| Task statement |
Reproduce only the lines of the material below that start at the line containing "Lemma wscore_gain n" and stop at the line containing "move=> aS; rewrite /wscore". Keep both end lines.

*** Data for this task Section Begins ***

(* SeqPAV satisfies $\kappa$-group representation for $\kappa(\alpha,\lambda)=\lceil \frac{2(\lambda+1)^2}{\alpha^2}\rceil$. That is, for every rational $\alpha\in(0,1]$, every $\lambda\in\mathbb N$, every profile $P$, every ranking $r$ that SeqPAV may output on $P$ (under any tie-breaking), and every group $N'$ that is $(\alpha,\lambda)$-significant in $P$, we have $\mathrm{avg}(N',r_{\le k})\ge\lambda$ where $k=\lceil \frac{2(\lambda+1)^2}{\alpha^2}\rceil$.
   Context: Let $N=[n]$ be a finite set of voters and $A$ a finite set of $m$ alternatives; a profile $P=(A_1,\dots,A_n)$ gives each voter $i$ a non-empty approval set $A_i\subseteq A$. A ranking $r=(r_1,\dots,r_m)$ is a linear order of $A$, $r_{\le k}=\{r_1,\dots,r_k\}$, with $r_{\le k}=A$ for $k\ge m$. For nonempty $N'\subseteq N$ and $S\subseteq A$, $\mathrm{avg}(N',S)=\frac1{|N'|}\sum_{i\in N'}|A_i\cap S|$. The cohesiveness of $N'$ is $\lambda(N')=|\bigcap_{i\in N'}A_i|$; $N'$ is $(\alpha,\lambda)$-significant in $P$ if $|N'|=\lceil\alpha n\rceil$ and $\lambda(N')\ge\lambda$. For a weight vector $\mathbf w=(w_1,w_2,\dots)$ of nonnegative reals and $S\subseteq A$, let $w(S)=\sum_{i\in N}\sum_{j=1}^{|A_i\cap S|}w_j$. The rule $\mathbf w$-RAV builds $r$ iteratively from the empty ranking: at step $k\in[m]$ it appends an unranked alternative $a$ maximizing $w(r_{\le k-1}\cup\{a\})-w(r_{\le k-1})$ (ties broken arbitrarily). SeqPAV is $\mathbf w$-RAV with $\mathbf w=(1,\frac12,\frac13,\dots)$. *)

From HB Require Import structures.
From mathcomp Require Import all_boot all_order all_algebra.
Set Implicit Arguments. Unset Strict Implicit. Unset Printing Implicit Defensive.
Import Order.TTheory GRing.Theory Num.Theory.
Local Open Scope ring_scope.

Definition profile (n : nat) (A : finType) := 'I_n -> {set A}.

Definition valid_profile n (A : finType) (P : profile n A) : Prop :=
  forall i : 'I_n, P i != set0.

(* a ranking is a linear order of A, represented as a duplicate-free list
   enumerating A; r_{<=k} is the set of its first k entries (all of A if k >= m) *)
Definition is_ranking (A : finType) (r : seq A) : Prop := perm_eq r (enum A).

Definition prefix_set (A : finType) (r : seq A) (k : nat) : {set A} :=
  [set x in take k r].

Definition avg n (A : finType) (P : profile n A) (N' : {set 'I_n}) (S : {set A}) : rat :=
  (\sum_(i in N') (#|P i :&: S|)%:R) / (#|N'|)%:R.

Definition cohesiveness n (A : finType) (P : profile n A) (N' : {set 'I_n}) : nat :=
  #|\bigcap_(i in N') P i|.

Definition significant n (A : finType) (P : profile n A) (alpha : rat) (lambda : nat)
  (N' : {set 'I_n}) : Prop :=
  (#|N'|)%:Z = Num.ceil (alpha * n%:R) /\ (lambda <= cohesiveness P N')%N.

(* w(S) = sum_i sum_{j=1}^{|A_i cap S|} w_j  (weights indexed from 1) *)
Definition wscore n (A : finType) (w : nat -> rat) (P : profile n A) (S : {set A}) : rat :=
  \sum_(i < n) \sum_(1 <= j < (#|P i :&: S|).+1) w j.

(* r is a possible output of w-RAV on P (for some tie-breaking): at each step k
   (0-indexed here), the appended alternative r_k maximizes the marginal gain
   among the unranked alternatives. *)
Definition wRAV_output n (A : finType) (w : nat -> rat) (P : profile n A) (r : seq A) : Prop :=
  is_ranking r /\
  forall (k : nat) (a : A), (k < size r)%N -> a \notin take k r ->
    wscore w P (prefix_set r k :|: [set a]) - wscore w P (prefix_set r k)
    <= wscore w P (prefix_set r k :|: [set nth a r k]) - wscore w P (prefix_set r k).

Definition pav_weights (j : nat) : rat := (j%:R)^-1.

Definition seqPAV_output n (A : finType) (P : profile n A) (r : seq A) : Prop :=
  wRAV_output pav_weights P r.

From HB Require Import structures.
From mathcomp Require Import all_boot all_order all_algebra.
From mathcomp Require Import ring lra.
Set Implicit Arguments. Unset Strict Implicit. Unset Printing Implicit Defensive.
Import Order.TTheory GRing.Theory Num.Theory.
Local Open Scope ring_scope.

(* If the alternatives approved by all of N' already lie in r_{<=k}, each member
   of N' approves at least lambda of them there.  Otherwise some such c is still
   unranked after k steps, so at each of these steps SeqPAV gained at least the
   PAV gain of c, which by convexity of 1/x is at least L := |N'| / (avg + 1),
   avg being taken on r_{<=k}.  The potential sum_i (2 - 2 / (|A_i :&: S| + 1))
   is at most 2n and grows by at least L^2 / n per step, hence
   k |N'|^2 <= 2 n^2 (avg + 1)^2; together with |N'| >= alpha n and
   k >= 2 (lambda + 1)^2 / alpha^2 this forces avg >= lambda. *)

Lemma card_setIU1 (A : finType) (Q S : {set A}) (a : A) : a \notin S ->
  #|Q :&: (S :|: [set a])| = (#|Q :&: S| + (a \in Q))%N.
Proof.
move=> aS; rewrite setIUr; have [aQ|aQ] := boolP (a \in Q).
  rewrite (_ : Q :&: [set a] = [set a]); last by apply/setIidPr; rewrite sub1set.
  by rewrite setUC cardsU1 !inE (negbTE aS) andbF addnC.
rewrite (_ : Q :&: [set a] = set0) ?setU0 ?addn0 //.
by apply/setP => y; rewrite !inE; case: eqP => [->|]; rewrite ?(negbTE aQ) ?andbF.
Qed.

Lemma wscore_gain n (A : finType) (P : profile n A) (w : nat -> rat)
  (S : {set A}) (a : A) : a \notin S ->
  wscore w P (S :|: [set a]) - wscore w P S =
  \sum_(i < n) (if a \in P i then w (#|P i :&: S|).+1 else 0).
Proof.
move=> aS; rewrite /wscore -sumrB; apply: eq_bigr => i _.
rewrite card_setIU1 //; case: (a \in P i); last by rewrite addn0 subrr.
by rewrite addn1 big_nat_recr //= addrAC subrr add0r.
Qed.

Section Prefix.
Variables (A : finType) (r : seq A).

Lemma prefix_set_subset t k : (t <= k)%N -> prefix_set r t \subset prefix_set r k.
Proof.
by move=> tk; apply/subsetP => y; rewrite !inE -(take_takel _ tk); apply: mem_take.
Qed.

Lemma prefix_setS x0 t : (t < size r)%N ->
  prefix_set r t.+1 = prefix_set r t :|: [set nth x0 r t].
Proof.
move=> tr; apply/setP => y.
by rewrite /prefix_set (take_nth x0 tr) !inE mem_rcons in_cons orbC.
Qed.

Lemma prefix_set_oversize k : (size r <= k)%N -> prefix_set r k = [set x in r].
Proof. by move=> rk; apply/setP => y; rewrite !inE take_oversize. Qed.

Lemma nth_notin_prefix_set x0 t : uniq r -> (t < size r)%N ->
  nth x0 r t \notin prefix_set r t.
Proof. by move=> r_uniq tr; rewrite inE in_take ?mem_nth // index_uniq // ltnn. Qed.

End Prefix.

Lemma inv_ge_tangent (R : realFieldType) (a b : R) : 0 < a -> 0 < b ->
  2 / b - a / b ^+ 2 <= a^-1.
Proof.
move=> a0 b0.
have -> : 2 / b - a / b ^+ 2 = a^-1 - (b - a) ^+ 2 / (a * b ^+ 2).
  by field; rewrite ?gt_eqF.
by rewrite lerBlDr lerDl divr_ge0 ?sqr_ge0 ?mulr_ge0 ?sqr_ge0 ?ltW.
Qed.

Lemma sum_inv_ge (R : realFieldType) (I : finType) (J : {set I}) (y : I -> R) :
  (0 < #|J|)%N -> (forall i, i \in J -> 0 < y i) ->
  #|J|%:R ^+ 2 / \sum_(i in J) y i <= \sum_(i in J) (y i)^-1.
Proof.
move=> J0 y0; set Y := \sum_(i in J) y i; set s : R := #|J|%:R.
have s0 : 0 < s by rewrite ltr0n.
have Y0 : 0 < Y.
  have [i0 i0J] := card_gt0P J0.
  rewrite /Y (bigD1 i0) //= ltr_pwDl ?y0 // sumr_ge0 // => i /andP[iJ _].
  exact/ltW/y0.
set b := Y / s; have b0 : 0 < b by rewrite divr_gt0.
apply: (@le_trans _ _ (\sum_(i in J) (2 / b - y i / b ^+ 2))); last first.
  by apply: ler_sum => i iJ; apply: inv_ge_tangent; rewrite ?y0.
rewrite sumrB sumr_const -[_ *+ #|J|]mulr_natr -mulr_suml -/Y -/s.
suff -> : 2 / b * s - Y / b ^+ 2 = s ^+ 2 / Y by [].
by rewrite /b; field; rewrite ?gt_eqF.
Qed.

Definition pav_potential (m : nat) : rat := 2 - 2 / m.+1%:R.

Lemma pav_potential_ge0 m : 0 <= pav_potential m.
Proof.
by rewrite subr_ge0 ler_pdivrMr ?ltr0Sn // ler_peMr // ler1n.
Qed.

Lemma pav_potential_le2 m : pav_potential m <= 2.
Proof. by rewrite lerBlDr lerDl divr_ge0. Qed.

(* The increment 2 / ((m+1)(m+2)) dominates the squared weight w := (m+1)^-1,
   and 2 u w - u^2 <= w^2. *)
Lemma pav_potential_incr m (b : bool) (u : rat) :
  2 * u * (if b then m.+1%:R^-1 else 0) - u ^+ 2 <=
  pav_potential (m + b) - pav_potential m.
Proof.
case: b; last by rewrite addn0 subrr mulr0 sub0r oppr_le0 sqr_ge0.
rewrite /pav_potential addn1 -[m.+2%:R]natr1.
have : 1 <= m.+1%:R :> rat by rewrite ler1n.
move: (m.+1%:R) => y y1; have y0 : 0 < y by apply: lt_le_trans y1.
have -> : 2 - 2 / (y + 1) - (2 - 2 / y) = y^-1 ^+ 2 + (y - 1) / (y * y * (y + 1)).
  by field; rewrite ?gt_eqF // ltr_wpDr // ltW.
apply: ler_wpDr; first by rewrite divr_ge0 ?subr_ge0 // !mulr_ge0 ?addr_ge0 ?ltW.
by move: (sqr_ge0 (y^-1 - u)); move: (y^-1) => z; nra.
Qed.

Section PavGain.
Variables (n : nat) (A : finType) (P : profile n A).

Definition pav_gain (S : {set A}) (a : A) : rat :=
  \sum_(i < n) (if a \in P i then pav_weights (#|P i :&: S|).+1 else 0).

Definition pav_potential_set (S : {set A}) : rat :=
  \sum_(i < n) pav_potential #|P i :&: S|.

Lemma pav_potential_set_ge0 S : 0 <= pav_potential_set S.
Proof. by apply: sumr_ge0 => i _; apply: pav_potential_ge0. Qed.

Lemma pav_potential_set_le S : pav_potential_set S <= 2 * n%:R.
Proof.
rewrite mulr_natr -[n in 2 *+ n]card_ord -sumr_const.
by apply: ler_sum => i _; apply: pav_potential_le2.
Qed.

Lemma pav_potential_set_incr (S : {set A}) (a : A) (u : rat) : a \notin S ->
  2 * u * pav_gain S a - u ^+ 2 *+ n <=
  pav_potential_set (S :|: [set a]) - pav_potential_set S.
Proof.
move=> aS; rewrite /pav_potential_set -sumrB mulr_sumr.
rewrite -[n in u ^+ 2 *+ n]card_ord -sumr_const -sumrB; apply: ler_sum => i _.
rewrite card_setIU1 //; have := pav_potential_incr #|P i :&: S| (a \in P i) u.
by case: (a \in P i).
Qed.

Lemma pav_gain_along_prefixes (r : seq A) (x0 : A) (k : nat) (L : rat) :
  (0 < n)%N -> uniq r -> (k <= size r)%N -> 0 <= L ->
  (forall t, (t < k)%N -> L <= pav_gain (prefix_set r t) (nth x0 r t)) ->
  k%:R * L ^+ 2 <= 2 * n%:R ^+ 2.
Proof.
move=> n0 r_uniq kr L0 gainL; have nR0 : 0 < n%:R :> rat by rewrite ltr0n.
pose Phi t := pav_potential_set (prefix_set r t).
have Phi_incr t : (t < k)%N -> Phi t + L ^+ 2 / n%:R <= Phi t.+1.
  move=> tk; have tr := leq_trans tk kr; set u := L / n%:R.
  rewrite addrC -lerBrDr /Phi (prefix_setS x0 tr).
  apply: le_trans (pav_potential_set_incr u (nth_notin_prefix_set x0 r_uniq tr)).
  have -> : L ^+ 2 / n%:R = 2 * u * L - u ^+ 2 *+ n.
    by rewrite -mulr_natr /u; field; rewrite gt_eqF.
  by rewrite lerD2r ler_wpM2l ?gainL // mulr_ge0 // divr_ge0 // ltW.
have Phi_lb t : (t <= k)%N -> t%:R * (L ^+ 2 / n%:R) <= Phi t.
  elim: t => [|t IH] tk; first by rewrite mul0r pav_potential_set_ge0.
  by apply: le_trans (Phi_incr t tk); rewrite -natr1 mulrDl mul1r lerD2r IH // ltnW.
have := le_trans (Phi_lb k (leqnn k)) (pav_potential_set_le _).
by rewrite mulrA ler_pdivrMr // -mulrA -expr2.
Qed.

Lemma avg_ge0 (N' : {set 'I_n}) (S : {set A}) : 0 <= avg P N' S.
Proof. by rewrite divr_ge0 ?sumr_ge0. Qed.

Lemma cohesiveness_le_avg (N' : {set 'I_n}) (S : {set A}) :
  (0 < #|N'|)%N -> \bigcap_(i in N') P i \subset S ->
  (cohesiveness P N')%:R <= avg P N' S.
Proof.
move=> N'0 CS; rewrite /avg ler_pdivlMr ?ltr0n // mulr_natr -sumr_const.
by apply: ler_sum => i iN; rewrite ler_nat subset_leq_card // subsetI CS bigcap_inf.
Qed.

Lemma pav_gain_cohesive (N' : {set 'I_n}) (S T : {set A}) (c : A) :
  (0 < #|N'|)%N -> c \in \bigcap_(i in N') P i -> S \subset T ->
  #|N'|%:R / (avg P N' T + 1) <= pav_gain S c.
Proof.
move=> N'0 cN' ST; set s := #|N'|; have s0 : 0 < s%:R :> rat by rewrite ltr0n.
have avg1 : 0 < avg P N' T + 1 by rewrite ltr_wpDl ?avg_ge0.
have sumE : \sum_(i in N') (#|P i :&: T|.+1)%:R = s%:R * (avg P N' T + 1).
  rewrite /avg mulrDr mulr1 [s%:R * _]mulrC divfK ?gt_eqF //.
  by under eq_bigr do rewrite -addn1 natrD; rewrite big_split sumr_const.
apply: (@le_trans _ _ (\sum_(i in N') (#|P i :&: T|.+1)%:R^-1)).
  have := @sum_inv_ge rat _ _ (fun i => (#|P i :&: T|.+1)%:R) N'0
    (fun i _ => ltr0Sn _ _).
  rewrite sumE; have -> // : s%:R ^+ 2 / (s%:R * (avg P N' T + 1)) =
    s%:R / (avg P N' T + 1).
  by field; rewrite !gt_eqF.
apply: (@le_trans _ _ (\sum_(i in N') (#|P i :&: S|.+1)%:R^-1)).
  apply: ler_sum => i _; rewrite lef_pV2 ?posrE ?ltr0Sn // ler_nat ltnS.
  by rewrite subset_leq_card // setIS.
rewrite /pav_gain [X in _ <= X](bigID (mem N')) /= -[X in X <= _]addr0; apply: lerD.
  by apply: ler_sum => i iN; rewrite (bigcapP cN' i iN).
by apply: sumr_ge0 => i _; case: ifP => // _; rewrite invr_ge0 ler0n.
Qed.

End PavGain.

Lemma round_count_ler (R : realFieldType) (alpha l B s m k : R) :
  0 < alpha -> 0 < m -> alpha * m <= s -> 0 < B ->
  2 * l ^+ 2 / alpha ^+ 2 <= k -> k * (s / B) ^+ 2 <= 2 * m ^+ 2 -> l <= B.
Proof.
move=> a0 m0 ams B0 kl kb; rewrite leNgt; apply/negP => Bl.
have l0 : 0 < l := lt_trans B0 Bl.
have am0 : 0 < alpha * m by rewrite mulr_gt0.
have ratio_lt : alpha * m / l < s / B.
  apply: (@lt_le_trans _ _ (alpha * m / B)); first by rewrite ltr_pM2l // ltf_pV2.
  by rewrite ler_wpM2r // invr_ge0 ltW.
have sqr_lt : (alpha * m / l) ^+ 2 < (s / B) ^+ 2.
  by rewrite ltr_pXn2r // nnegrE ltW // divr_gt0 // (lt_le_trans am0).
move: kb; apply/negP; rewrite -ltNge.
have -> : 2 * m ^+ 2 = 2 * l ^+ 2 / alpha ^+ 2 * (alpha * m / l) ^+ 2.
  by field; rewrite !gt_eqF.
apply: (@lt_le_trans _ _ (2 * l ^+ 2 / alpha ^+ 2 * (s / B) ^+ 2)).
  by rewrite ltr_pM2l // divr_gt0 ?mulr_gt0 ?exprn_gt0.
by apply: ler_wpM2r; rewrite ?sqr_ge0.
Qed.

Lemma seqPAV_gain_max n (A : finType) (P : profile n A) r t (a : A) :
  seqPAV_output P r -> (t < size r)%N -> a \notin prefix_set r t ->
  pav_gain P (prefix_set r t) a <= pav_gain P (prefix_set r t) (nth a r t).
Proof.
case=> r_perm r_step tr aS.
have r_uniq : uniq r by rewrite (perm_uniq r_perm) enum_uniq.
have := r_step t a tr; rewrite -[a \in take t r]in_set.
by rewrite !wscore_gain ?nth_notin_prefix_set //; apply.
Qed.

Theorem theorem4 (n : nat) (A : finType) (P : profile n A) (r : seq A)
  (alpha : rat) (lambda : nat) (N' : {set 'I_n}) (k : nat) :
  (0 < n)%N ->
  valid_profile P ->
  0 < alpha -> alpha <= 1 ->
  seqPAV_output P r ->
  significant P alpha lambda N' ->
  k%:Z = Num.ceil (2 * (lambda.+1)%:R ^+ 2 / alpha ^+ 2) ->
  lambda%:R <= avg P N' (prefix_set r k).
Proof.
move=> n0 _ a0 _ seqPAV [card_N' coh_N'] k_ceil.
have [r_perm _] := seqPAV.
have r_uniq : uniq r by rewrite (perm_uniq r_perm) enum_uniq.
have s_ge : alpha * n%:R <= #|N'|%:R.
  by have := ceil_ge (alpha * n%:R); rewrite -card_N'.
have N'0 : (0 < #|N'|)%N.
  by rewrite -(ltr0n rat) (lt_le_trans _ s_ge) ?mulr_gt0 ?ltr0n.
have k_ge : 2 * lambda.+1%:R ^+ 2 / alpha ^+ 2 <= k%:R.
  by have := ceil_ge (2 * lambda.+1%:R ^+ 2 / alpha ^+ 2); rewrite -k_ceil.
have [covered|/subsetPn [c cC c_new]] :=
  boolP (\bigcap_(i in N') P i \subset prefix_set r k).
  by apply: le_trans (cohesiveness_le_avg N'0 covered); rewrite ler_nat.
have kr : (k <= size r)%N.
  apply: contraNT c_new; rewrite -ltnNge => /ltnW/prefix_set_oversize ->.
  by rewrite inE (perm_mem r_perm) mem_enum.
rewrite -(lerD2r 1) natr1.
apply: (round_count_ler a0 _ s_ge _ k_ge); rewrite ?ltr0n ?ltr_wpDl ?avg_ge0 //.
apply: (pav_gain_along_prefixes (x0 := c) n0 r_uniq kr) => [|t tk].
  by rewrite divr_ge0 ?addr_ge0 ?avg_ge0.
have c_new_t : c \notin prefix_set r t.
  by apply: contra c_new; apply/subsetP/prefix_set_subset/ltnW.
apply: le_trans (seqPAV_gain_max seqPAV (leq_trans tk kr) c_new_t).
exact/pav_gain_cohesive/prefix_set_subset/ltnW.
Qed.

*** Data for this task Section Ends ***

| Solution below |
Lemma wscore_gain n (A : finType) (P : profile n A) (w : nat -> rat)
  (S : {set A}) (a : A) : a \notin S ->
  wscore w P (S :|: [set a]) - wscore w P S =
  \sum_(i < n) (if a \in P i then w (#|P i :&: S|).+1 else 0).
Proof.
move=> aS; rewrite /wscore -sumrB; apply: eq_bigr => i _.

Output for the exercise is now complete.